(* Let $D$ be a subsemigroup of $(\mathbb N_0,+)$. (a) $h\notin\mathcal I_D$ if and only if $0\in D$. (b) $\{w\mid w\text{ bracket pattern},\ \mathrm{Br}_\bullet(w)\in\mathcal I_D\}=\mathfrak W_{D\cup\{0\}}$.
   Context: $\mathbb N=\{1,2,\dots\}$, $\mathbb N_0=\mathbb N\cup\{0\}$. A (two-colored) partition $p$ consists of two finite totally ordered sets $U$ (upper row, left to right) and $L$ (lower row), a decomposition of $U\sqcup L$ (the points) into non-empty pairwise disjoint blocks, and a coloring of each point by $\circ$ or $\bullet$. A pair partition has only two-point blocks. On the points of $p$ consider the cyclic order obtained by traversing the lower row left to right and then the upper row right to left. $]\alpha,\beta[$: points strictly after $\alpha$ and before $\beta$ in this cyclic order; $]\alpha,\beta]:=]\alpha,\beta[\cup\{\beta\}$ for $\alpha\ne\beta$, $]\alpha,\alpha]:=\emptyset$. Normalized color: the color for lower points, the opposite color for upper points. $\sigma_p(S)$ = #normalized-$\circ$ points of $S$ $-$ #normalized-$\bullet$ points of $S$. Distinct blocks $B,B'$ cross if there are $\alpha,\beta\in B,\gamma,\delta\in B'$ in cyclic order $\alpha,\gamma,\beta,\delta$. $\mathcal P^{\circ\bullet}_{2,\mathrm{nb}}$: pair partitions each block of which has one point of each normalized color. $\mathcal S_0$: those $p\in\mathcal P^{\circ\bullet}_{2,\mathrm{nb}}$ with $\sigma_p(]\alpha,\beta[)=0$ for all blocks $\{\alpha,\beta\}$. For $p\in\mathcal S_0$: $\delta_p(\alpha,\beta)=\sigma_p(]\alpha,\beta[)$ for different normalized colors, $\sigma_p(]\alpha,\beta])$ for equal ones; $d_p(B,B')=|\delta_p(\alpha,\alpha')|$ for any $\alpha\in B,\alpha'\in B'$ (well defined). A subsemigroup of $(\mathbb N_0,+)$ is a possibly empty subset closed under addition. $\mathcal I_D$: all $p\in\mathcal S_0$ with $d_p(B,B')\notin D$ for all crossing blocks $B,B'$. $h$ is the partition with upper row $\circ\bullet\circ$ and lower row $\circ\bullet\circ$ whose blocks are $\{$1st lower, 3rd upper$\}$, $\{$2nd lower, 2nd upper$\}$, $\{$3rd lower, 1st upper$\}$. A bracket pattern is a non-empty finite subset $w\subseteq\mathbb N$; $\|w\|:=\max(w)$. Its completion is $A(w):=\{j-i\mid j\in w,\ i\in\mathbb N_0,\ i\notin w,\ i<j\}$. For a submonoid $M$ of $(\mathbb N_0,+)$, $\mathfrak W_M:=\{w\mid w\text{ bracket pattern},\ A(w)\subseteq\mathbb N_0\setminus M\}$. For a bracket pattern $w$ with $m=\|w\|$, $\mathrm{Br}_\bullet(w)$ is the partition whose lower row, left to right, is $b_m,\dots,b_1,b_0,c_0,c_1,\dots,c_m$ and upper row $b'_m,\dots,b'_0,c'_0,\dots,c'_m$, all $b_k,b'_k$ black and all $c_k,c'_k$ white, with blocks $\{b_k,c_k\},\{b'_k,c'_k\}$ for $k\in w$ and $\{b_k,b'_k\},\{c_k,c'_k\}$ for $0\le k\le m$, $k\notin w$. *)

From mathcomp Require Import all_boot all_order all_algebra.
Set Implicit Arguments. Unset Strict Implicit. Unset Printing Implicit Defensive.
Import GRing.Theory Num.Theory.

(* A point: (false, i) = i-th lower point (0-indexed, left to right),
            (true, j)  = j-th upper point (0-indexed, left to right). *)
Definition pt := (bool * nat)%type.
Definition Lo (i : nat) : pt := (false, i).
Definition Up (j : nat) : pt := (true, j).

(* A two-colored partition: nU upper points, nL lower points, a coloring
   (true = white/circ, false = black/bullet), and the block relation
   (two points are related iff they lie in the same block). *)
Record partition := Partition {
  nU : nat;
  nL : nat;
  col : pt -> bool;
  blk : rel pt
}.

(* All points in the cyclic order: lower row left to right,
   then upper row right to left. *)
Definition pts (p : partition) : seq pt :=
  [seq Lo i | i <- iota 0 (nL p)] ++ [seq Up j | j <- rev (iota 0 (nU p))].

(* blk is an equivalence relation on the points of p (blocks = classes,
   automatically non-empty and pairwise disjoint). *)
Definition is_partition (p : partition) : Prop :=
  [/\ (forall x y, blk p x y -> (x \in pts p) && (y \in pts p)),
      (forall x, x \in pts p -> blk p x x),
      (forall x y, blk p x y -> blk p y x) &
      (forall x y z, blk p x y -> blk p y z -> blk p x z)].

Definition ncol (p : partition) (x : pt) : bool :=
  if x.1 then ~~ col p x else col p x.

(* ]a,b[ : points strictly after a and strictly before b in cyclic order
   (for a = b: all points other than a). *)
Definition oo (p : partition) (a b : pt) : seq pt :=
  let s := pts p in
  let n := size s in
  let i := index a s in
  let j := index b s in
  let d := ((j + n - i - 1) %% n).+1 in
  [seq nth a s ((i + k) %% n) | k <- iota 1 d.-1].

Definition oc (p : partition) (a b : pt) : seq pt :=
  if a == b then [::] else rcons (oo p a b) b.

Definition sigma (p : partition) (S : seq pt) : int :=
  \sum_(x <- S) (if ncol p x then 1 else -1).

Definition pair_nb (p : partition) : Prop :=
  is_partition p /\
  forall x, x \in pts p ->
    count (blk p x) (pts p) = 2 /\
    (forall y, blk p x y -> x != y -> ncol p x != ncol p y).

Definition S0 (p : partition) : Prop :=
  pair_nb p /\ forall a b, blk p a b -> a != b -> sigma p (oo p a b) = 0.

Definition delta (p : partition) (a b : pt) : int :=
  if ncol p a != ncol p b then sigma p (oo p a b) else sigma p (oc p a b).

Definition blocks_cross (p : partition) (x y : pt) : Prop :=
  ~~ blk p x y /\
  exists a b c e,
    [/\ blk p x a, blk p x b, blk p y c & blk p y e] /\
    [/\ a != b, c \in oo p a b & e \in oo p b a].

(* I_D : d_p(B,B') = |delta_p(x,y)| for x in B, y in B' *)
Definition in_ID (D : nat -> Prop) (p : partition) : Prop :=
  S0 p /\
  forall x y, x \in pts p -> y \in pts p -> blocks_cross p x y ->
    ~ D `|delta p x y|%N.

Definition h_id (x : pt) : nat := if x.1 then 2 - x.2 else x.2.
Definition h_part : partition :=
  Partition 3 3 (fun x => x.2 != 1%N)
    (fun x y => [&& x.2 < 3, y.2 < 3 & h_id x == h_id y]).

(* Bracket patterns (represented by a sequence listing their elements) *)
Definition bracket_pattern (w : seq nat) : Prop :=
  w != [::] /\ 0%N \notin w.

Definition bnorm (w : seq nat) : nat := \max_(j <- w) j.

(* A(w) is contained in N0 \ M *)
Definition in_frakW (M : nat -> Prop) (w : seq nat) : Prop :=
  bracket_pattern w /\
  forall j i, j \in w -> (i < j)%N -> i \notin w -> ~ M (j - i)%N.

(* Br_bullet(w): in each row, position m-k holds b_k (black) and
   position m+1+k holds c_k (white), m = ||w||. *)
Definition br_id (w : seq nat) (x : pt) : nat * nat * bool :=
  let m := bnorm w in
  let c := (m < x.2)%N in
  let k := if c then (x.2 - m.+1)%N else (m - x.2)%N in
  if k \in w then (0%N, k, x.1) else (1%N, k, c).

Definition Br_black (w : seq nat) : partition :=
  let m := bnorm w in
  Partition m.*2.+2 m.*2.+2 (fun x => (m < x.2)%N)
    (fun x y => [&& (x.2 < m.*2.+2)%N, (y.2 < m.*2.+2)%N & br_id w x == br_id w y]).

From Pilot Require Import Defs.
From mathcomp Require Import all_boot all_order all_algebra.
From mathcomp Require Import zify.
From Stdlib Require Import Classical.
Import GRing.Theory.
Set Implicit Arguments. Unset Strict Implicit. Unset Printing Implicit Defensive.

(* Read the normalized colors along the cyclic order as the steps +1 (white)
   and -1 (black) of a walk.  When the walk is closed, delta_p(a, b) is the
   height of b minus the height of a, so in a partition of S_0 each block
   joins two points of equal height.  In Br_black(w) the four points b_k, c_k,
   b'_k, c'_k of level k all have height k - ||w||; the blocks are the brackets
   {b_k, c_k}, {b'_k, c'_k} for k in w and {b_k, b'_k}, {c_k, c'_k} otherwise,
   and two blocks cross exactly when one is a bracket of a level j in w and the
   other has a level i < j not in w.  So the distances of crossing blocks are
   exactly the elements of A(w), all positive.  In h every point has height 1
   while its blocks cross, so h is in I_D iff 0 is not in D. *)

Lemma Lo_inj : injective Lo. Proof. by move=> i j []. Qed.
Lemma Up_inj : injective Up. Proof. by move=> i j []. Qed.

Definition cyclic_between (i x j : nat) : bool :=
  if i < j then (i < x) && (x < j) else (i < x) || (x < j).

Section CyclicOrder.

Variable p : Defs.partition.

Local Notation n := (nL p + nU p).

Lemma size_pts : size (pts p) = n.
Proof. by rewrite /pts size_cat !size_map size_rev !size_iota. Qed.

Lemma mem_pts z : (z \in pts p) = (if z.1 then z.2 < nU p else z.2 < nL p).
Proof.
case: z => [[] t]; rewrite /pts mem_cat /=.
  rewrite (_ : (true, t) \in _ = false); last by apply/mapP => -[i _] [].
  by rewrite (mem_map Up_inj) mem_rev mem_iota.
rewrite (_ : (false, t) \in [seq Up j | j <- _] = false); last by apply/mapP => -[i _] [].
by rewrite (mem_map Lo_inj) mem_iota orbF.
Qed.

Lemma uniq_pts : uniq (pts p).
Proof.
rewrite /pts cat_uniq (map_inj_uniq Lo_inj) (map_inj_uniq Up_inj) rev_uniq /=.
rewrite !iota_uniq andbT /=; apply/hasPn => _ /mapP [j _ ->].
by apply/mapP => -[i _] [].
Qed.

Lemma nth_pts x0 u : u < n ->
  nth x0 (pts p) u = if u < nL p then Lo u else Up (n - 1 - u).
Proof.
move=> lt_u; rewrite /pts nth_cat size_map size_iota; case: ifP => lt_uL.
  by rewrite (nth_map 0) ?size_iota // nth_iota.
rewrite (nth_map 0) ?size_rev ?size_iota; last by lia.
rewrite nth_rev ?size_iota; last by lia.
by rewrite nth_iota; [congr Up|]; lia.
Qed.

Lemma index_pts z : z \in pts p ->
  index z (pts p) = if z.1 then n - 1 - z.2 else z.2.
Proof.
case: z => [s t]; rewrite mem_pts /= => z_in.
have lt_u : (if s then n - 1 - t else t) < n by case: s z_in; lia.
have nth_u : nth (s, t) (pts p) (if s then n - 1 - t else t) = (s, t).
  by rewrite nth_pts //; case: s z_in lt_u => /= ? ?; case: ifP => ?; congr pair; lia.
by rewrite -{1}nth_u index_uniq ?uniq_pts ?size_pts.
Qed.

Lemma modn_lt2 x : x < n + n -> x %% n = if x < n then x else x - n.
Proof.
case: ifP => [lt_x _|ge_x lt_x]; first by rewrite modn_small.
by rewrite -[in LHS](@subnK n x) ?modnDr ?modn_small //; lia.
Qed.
☆ ☆ ☆ ☆
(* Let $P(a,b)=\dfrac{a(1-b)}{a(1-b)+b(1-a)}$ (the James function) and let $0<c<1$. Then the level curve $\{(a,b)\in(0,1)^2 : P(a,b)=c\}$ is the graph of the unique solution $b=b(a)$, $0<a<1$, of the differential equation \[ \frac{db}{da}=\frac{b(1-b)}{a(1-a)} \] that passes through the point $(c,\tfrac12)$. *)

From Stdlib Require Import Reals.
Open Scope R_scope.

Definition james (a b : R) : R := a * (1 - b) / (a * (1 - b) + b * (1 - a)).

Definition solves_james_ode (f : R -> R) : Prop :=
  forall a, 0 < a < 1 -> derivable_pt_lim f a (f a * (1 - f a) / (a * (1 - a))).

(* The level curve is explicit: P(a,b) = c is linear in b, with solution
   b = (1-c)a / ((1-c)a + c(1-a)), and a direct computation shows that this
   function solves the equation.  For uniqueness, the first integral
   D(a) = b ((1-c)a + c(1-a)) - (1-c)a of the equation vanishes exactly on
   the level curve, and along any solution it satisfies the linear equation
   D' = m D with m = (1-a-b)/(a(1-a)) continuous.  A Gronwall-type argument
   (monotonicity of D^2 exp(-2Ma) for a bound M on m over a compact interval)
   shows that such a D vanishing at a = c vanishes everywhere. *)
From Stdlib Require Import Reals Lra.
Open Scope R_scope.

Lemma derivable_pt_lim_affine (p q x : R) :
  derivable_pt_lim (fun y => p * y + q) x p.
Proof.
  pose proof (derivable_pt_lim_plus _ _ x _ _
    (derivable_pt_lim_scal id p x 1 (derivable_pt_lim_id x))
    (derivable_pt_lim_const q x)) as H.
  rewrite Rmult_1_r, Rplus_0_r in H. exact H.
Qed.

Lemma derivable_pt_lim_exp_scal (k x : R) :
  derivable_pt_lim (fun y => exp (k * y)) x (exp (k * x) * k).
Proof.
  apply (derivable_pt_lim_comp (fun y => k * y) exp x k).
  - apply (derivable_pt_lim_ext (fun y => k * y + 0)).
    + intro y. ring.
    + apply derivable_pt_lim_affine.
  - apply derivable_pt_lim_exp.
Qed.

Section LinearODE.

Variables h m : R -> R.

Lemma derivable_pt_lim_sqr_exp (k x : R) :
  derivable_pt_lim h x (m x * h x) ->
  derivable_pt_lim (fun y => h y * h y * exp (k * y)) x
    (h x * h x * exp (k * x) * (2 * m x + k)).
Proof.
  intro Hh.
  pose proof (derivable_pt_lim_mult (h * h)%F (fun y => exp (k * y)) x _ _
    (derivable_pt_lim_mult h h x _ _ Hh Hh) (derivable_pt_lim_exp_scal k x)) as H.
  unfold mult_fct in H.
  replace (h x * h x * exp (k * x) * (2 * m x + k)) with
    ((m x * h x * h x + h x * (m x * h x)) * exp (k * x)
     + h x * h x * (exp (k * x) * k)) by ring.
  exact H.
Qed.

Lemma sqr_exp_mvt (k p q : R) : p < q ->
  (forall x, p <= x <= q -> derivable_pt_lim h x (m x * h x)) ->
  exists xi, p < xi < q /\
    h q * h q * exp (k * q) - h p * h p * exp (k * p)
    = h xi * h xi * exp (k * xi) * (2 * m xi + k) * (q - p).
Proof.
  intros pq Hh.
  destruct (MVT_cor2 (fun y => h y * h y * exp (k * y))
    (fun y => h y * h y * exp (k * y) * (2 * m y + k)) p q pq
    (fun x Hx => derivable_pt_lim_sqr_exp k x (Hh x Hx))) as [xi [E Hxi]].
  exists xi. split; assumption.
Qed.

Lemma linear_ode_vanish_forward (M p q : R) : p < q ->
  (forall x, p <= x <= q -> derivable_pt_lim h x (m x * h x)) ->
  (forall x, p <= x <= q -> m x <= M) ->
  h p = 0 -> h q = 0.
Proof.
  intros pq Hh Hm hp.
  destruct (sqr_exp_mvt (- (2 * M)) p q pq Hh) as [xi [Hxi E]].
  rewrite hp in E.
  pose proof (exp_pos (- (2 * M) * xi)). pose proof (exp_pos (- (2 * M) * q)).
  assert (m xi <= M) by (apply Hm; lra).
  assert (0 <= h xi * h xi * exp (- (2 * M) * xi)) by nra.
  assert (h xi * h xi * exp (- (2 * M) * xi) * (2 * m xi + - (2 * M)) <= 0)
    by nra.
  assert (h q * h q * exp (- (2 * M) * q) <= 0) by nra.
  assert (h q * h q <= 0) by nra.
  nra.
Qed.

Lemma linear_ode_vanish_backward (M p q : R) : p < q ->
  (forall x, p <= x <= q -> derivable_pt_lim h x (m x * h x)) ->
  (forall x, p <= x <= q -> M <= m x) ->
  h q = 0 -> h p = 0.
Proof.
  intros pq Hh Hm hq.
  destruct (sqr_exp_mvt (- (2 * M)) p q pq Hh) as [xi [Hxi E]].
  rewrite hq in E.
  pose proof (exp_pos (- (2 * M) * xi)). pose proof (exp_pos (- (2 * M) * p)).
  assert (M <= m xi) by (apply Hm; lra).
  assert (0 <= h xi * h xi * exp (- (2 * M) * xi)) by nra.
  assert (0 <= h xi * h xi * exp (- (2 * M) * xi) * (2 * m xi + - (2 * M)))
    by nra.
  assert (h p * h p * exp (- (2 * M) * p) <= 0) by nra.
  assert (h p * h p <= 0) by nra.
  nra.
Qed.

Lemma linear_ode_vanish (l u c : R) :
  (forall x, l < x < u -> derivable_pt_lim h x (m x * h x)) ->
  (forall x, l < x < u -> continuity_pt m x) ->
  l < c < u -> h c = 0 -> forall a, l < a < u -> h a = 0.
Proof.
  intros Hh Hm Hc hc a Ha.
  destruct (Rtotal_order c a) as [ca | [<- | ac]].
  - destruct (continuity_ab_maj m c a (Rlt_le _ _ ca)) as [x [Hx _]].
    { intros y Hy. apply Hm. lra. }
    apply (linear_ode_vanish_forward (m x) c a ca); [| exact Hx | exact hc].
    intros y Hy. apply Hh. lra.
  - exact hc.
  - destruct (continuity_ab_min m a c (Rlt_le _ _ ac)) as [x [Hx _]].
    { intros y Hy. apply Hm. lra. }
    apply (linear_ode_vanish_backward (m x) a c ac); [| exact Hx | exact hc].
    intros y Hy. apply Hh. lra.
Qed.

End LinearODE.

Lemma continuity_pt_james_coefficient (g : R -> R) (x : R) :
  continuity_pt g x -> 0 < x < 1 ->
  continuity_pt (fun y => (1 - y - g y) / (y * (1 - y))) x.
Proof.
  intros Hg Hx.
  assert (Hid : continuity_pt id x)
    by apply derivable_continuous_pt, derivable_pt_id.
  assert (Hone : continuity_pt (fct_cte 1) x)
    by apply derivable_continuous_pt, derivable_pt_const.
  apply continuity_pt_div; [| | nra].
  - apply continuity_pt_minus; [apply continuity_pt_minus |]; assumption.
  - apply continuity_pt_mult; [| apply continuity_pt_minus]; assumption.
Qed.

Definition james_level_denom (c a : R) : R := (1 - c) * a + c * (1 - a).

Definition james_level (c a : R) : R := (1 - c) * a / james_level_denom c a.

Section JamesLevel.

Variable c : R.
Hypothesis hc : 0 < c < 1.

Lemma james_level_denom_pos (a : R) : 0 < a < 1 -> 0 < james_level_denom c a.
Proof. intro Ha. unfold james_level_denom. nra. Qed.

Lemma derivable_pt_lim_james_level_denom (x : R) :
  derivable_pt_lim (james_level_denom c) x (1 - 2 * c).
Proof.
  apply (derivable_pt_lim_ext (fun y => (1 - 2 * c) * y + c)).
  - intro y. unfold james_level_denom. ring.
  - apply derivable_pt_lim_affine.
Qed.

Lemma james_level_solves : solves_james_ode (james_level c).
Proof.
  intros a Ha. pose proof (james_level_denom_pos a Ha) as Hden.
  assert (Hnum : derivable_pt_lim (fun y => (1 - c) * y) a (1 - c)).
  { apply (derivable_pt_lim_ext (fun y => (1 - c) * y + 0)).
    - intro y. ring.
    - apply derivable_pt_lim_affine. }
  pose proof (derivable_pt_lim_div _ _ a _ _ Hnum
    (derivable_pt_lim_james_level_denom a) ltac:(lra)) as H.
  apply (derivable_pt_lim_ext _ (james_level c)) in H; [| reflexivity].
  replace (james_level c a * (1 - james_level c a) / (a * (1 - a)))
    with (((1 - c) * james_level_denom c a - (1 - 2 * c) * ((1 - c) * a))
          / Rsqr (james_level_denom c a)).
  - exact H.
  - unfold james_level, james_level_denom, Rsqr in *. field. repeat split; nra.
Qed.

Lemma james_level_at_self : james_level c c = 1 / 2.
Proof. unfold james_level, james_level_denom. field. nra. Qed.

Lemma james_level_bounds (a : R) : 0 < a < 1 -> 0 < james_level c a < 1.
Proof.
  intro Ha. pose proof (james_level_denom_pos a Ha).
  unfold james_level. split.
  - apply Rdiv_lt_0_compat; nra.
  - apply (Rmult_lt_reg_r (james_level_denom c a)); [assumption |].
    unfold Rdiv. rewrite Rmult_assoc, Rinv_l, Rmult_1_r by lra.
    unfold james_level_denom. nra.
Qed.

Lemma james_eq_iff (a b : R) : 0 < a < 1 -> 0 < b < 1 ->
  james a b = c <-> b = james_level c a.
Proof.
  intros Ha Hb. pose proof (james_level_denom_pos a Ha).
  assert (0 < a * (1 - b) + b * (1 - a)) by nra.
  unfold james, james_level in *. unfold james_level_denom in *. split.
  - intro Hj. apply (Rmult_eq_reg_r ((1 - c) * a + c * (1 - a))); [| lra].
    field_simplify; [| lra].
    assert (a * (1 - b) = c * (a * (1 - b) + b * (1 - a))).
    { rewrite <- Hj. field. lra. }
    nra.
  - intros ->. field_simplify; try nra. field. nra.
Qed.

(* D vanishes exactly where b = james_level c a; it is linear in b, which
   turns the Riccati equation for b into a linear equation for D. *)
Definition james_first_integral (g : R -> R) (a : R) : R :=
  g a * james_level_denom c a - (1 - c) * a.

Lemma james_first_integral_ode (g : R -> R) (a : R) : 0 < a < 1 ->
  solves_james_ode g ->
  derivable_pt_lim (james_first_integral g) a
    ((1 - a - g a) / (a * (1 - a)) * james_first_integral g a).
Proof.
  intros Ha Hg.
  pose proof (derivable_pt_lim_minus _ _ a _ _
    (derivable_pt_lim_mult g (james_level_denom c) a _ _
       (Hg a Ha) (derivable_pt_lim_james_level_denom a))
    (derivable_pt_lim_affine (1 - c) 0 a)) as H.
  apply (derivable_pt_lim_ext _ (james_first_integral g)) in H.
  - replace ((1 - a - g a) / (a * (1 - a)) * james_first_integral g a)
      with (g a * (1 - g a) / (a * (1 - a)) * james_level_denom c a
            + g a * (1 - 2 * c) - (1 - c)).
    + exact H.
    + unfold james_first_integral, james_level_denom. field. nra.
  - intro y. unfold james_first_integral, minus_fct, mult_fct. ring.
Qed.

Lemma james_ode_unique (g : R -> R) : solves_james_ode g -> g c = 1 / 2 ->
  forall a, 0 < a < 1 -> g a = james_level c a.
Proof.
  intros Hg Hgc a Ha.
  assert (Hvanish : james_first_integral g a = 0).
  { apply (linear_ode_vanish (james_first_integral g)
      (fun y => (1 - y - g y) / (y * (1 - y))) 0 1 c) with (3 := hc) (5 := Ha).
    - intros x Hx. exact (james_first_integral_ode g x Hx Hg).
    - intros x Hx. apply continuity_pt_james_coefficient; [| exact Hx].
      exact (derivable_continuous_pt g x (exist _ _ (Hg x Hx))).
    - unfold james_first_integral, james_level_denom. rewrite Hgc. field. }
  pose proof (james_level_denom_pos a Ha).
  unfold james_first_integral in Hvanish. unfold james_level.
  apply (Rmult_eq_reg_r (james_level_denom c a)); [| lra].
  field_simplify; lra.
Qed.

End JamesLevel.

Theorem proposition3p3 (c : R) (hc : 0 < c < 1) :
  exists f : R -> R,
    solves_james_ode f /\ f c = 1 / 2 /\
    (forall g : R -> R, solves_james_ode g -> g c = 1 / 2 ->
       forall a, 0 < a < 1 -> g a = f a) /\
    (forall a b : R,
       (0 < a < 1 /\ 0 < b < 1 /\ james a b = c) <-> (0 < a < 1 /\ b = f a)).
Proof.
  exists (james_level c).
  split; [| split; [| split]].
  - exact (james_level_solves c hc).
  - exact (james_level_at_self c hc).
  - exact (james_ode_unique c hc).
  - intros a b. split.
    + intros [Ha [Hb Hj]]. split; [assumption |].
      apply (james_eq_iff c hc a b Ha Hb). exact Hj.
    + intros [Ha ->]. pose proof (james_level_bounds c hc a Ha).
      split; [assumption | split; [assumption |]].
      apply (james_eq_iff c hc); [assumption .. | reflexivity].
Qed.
☆ ☆ ☆ ☆
**Assigned task:**
The expected output is every line of the records in which the string "mapP" appears.

**Answer section:**
  rewrite (_ : (true, t) \in _ = false); last by apply/mapP => -[i _] [].
rewrite (_ : (false, t) \in [seq Up j | j <- _] = false); last by apply/mapP => -[i _] [].
rewrite !iota_uniq andbT /=; apply/hasPn => _ /mapP [j _ ->].
by apply/mapP => -[i _] [].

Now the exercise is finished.